Since its rebirth in 2007, Revelstoke Mountain Resort has been on the list of destinations for many skiers and it certainly was for us. Known for its steep and deep terrain and epic tree skiing, what else could you ask for? The scenery was so sick! The town of Revy was incredible! And the skiing? I’ll get to that.

After a 3am wake up call the day after Christmas, a snowy drive to the airport, and a layover spent searching for Drake in Toronto, we found ourselves in Calgary. Elly managed to beat the clock and get our rental car before the office closed early for Boxing Day. This was a quick reminder that we were no longer in the US. We hit the road and headed west from Calgary.

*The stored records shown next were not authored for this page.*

(* Let $G$ be a finite abelian group and let $k \in \mathbb{N}$. (1) Let $B$ be a zero-sum sequence over $G$ with $\max\mathsf{L}(B)=k+1$ and let $U$ be a minimal zero-sum sequence over $G$ with $U \mid B$. Then $\max\mathsf{L}(U^{-1}B)\le k$. Moreover, $\max\mathsf{L}(U^{-1}B) = k$ if and only if there exists some factorization $\zeta$ of $B$ of length $k+1$ in which $U$ occurs as a factor. (2) Let $M$ be the minimum of $|U|$ over all minimal zero-sum sequences $U$ that divide some zero-sum sequence $B$ over $G$ with $\max\mathsf{L}(B)=k+1$ and $|B|=\mathsf{D}_{k+1}(G)$. Then $\mathsf{D}_{k+1}(G)\le \mathsf{D}_k(G) + M$. (3) For each $\ell \in \mathbb{N}$, $\mathsf{D}_{k+1}(G) \le \max \{\mathsf{D}_k(G) + \ell, \mathsf{s}_{\le \ell}(G)-1\}$. In particular, if $\mathsf{D}_k(G) \ge \eta(G) - 1 -\exp(G)$, then $\mathsf{D}_{k+1}(G)\le \mathsf{D}_k(G) +\exp(G)$.
   Context: $G$ is written additively. A sequence over $G$ is an element of the free abelian monoid over $G$ (a finite unordered list of elements with repetitions); $|S|$ denotes its length; $T\mid S$ means $T$ is a subsequence, and then $T^{-1}S$ is the sequence of remaining terms. A zero-sum sequence has terms summing to $0$; a minimal zero-sum sequence is a non-empty zero-sum sequence with no proper non-empty zero-sum subsequence. A factorization of a zero-sum sequence $B$ is a formal unordered product of minimal zero-sum sequences whose product is $B$; its length is the number of factors; $\mathsf{L}(B)$ is the set of lengths of factorizations of $B$. $\mathsf{D}_k(G)$ is the smallest $\ell$ such that every sequence of length at least $\ell$ has $k$ disjoint non-empty zero-sum subsequences (equivalently, the maximal length of a zero-sum sequence $B$ with $\max\mathsf{L}(B)\le k$). For $\ell\in\mathbb{N}$, $\mathsf{s}_{\le \ell}(G)\in\mathbb{N}\cup\{\infty\}$ is the smallest $n$ such that every sequence over $G$ of length at least $n$ has a non-empty zero-sum subsequence of length at most $\ell$; $\eta(G)=\mathsf{s}_{\le\exp(G)}(G)$. *)

(* Sequences over a finite abelian group G (finZmodType)
   are represented by lists seq G, considered up to permutation
   (elements of the free abelian monoid over G). *)
From mathcomp Require Import all_boot all_algebra all_fingroup all_solvable.
Set Implicit Arguments. Unset Strict Implicit. Unset Printing Implicit Defensive.
Import GRing.Theory.
Local Open Scope ring_scope.

Section Seqs.
Variable G : finZmodType.
Implicit Types S T U B C : seq G.

Definition seq_dvd T S : bool := [forall x : G, (count_mem x T <= count_mem x S)%N].

Definition seq_quot T S : seq G := foldr (fun x s => rem x s) S T.

Definition zero_sum S : bool := \sum_(x <- S) x == 0.

Definition minimal_zero_sum U : Prop :=
  [/\ (0 < size U)%N, zero_sum U &
      forall T, seq_dvd T U -> (0 < size T)%N -> zero_sum T -> size T = size U].

Definition factorization B (Z : seq (seq G)) : Prop :=
  (forall V, V \in Z -> minimal_zero_sum V) /\ perm_eq (flatten Z) B.

Definition maxL_le B (k : nat) : Prop :=
  forall Z, factorization B Z -> (size Z <= k)%N.

Definition maxL_eq B (k : nat) : Prop :=
  (exists Z, factorization B Z /\ size Z = k) /\ maxL_le B k.

Definition has_disjoint_zs (k : nat) S : Prop :=
  exists Ts : seq (seq G), [/\ size Ts = k,
    forall T, T \in Ts -> (0 < size T)%N /\ zero_sum T &
    seq_dvd (flatten Ts) S].

Definition Dk_prop (k l : nat) : Prop :=
  forall S, (l <= size S)%N -> has_disjoint_zs k S.

Definition is_Dk (k n : nat) : Prop :=
  Dk_prop k n /\ forall l, Dk_prop k l -> (n <= l)%N.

Elly had been in this area during a previous summer, so she played tour guide by pointing out named peaks and other scenery in Banff and Yoho National Parks. We reached the town of Golden on the other side of the Continental Divide and made a pit stop, as we still had a couple hours of driving ahead of us.

Revelstoke Sunset

As I had said, Revelstoke is known for its steep terrain. It’s not at all like a Midwest ski resort - a flat parking lot and a hill just beyond. In British Columbia, you have to brave one of the gnarliest roads in the world to get to the skiing. Between Golden and Revelstoke, you must navigate  Rogers Pass, an infamous route with 130 known avalanche paths that intersect the highway and 31 snow sheds to protect traffic. This area is also home to the largest mobile avalanche control program in the world. Run by the Royal Canadian Artillery, crews fire 105mm howitzers from 17 roadside platforms on each side of Rogers Pass. Armed with this knowledge, we headed deep into the Selkirk Mountains after departing Golden. Fortunately, weather was good and roads were clear, but, even so, some hairy, white-knuckle driving was encountered.

The stoke was at an all-time high the next morning. After a short gondola ride from the base we were into the real terrain. The place was not crowded at all. In fact, on the first day we never waited for a chair. Revy only has two chairlifts once above the gondola, so deciding where to ski was easy. We explored the mountain from skier’s left to right, and we got a nice feel for the terrain and how to navigate the place. Despite the fact that it hadn't snowed for a few days, we still found some awesome terrain with untouched snow! Lunch consisted of $5 burgers - not your typical overpriced on-hill food! After wrapping up the day on fun groomers, mac & cheese and beer in town beckoned.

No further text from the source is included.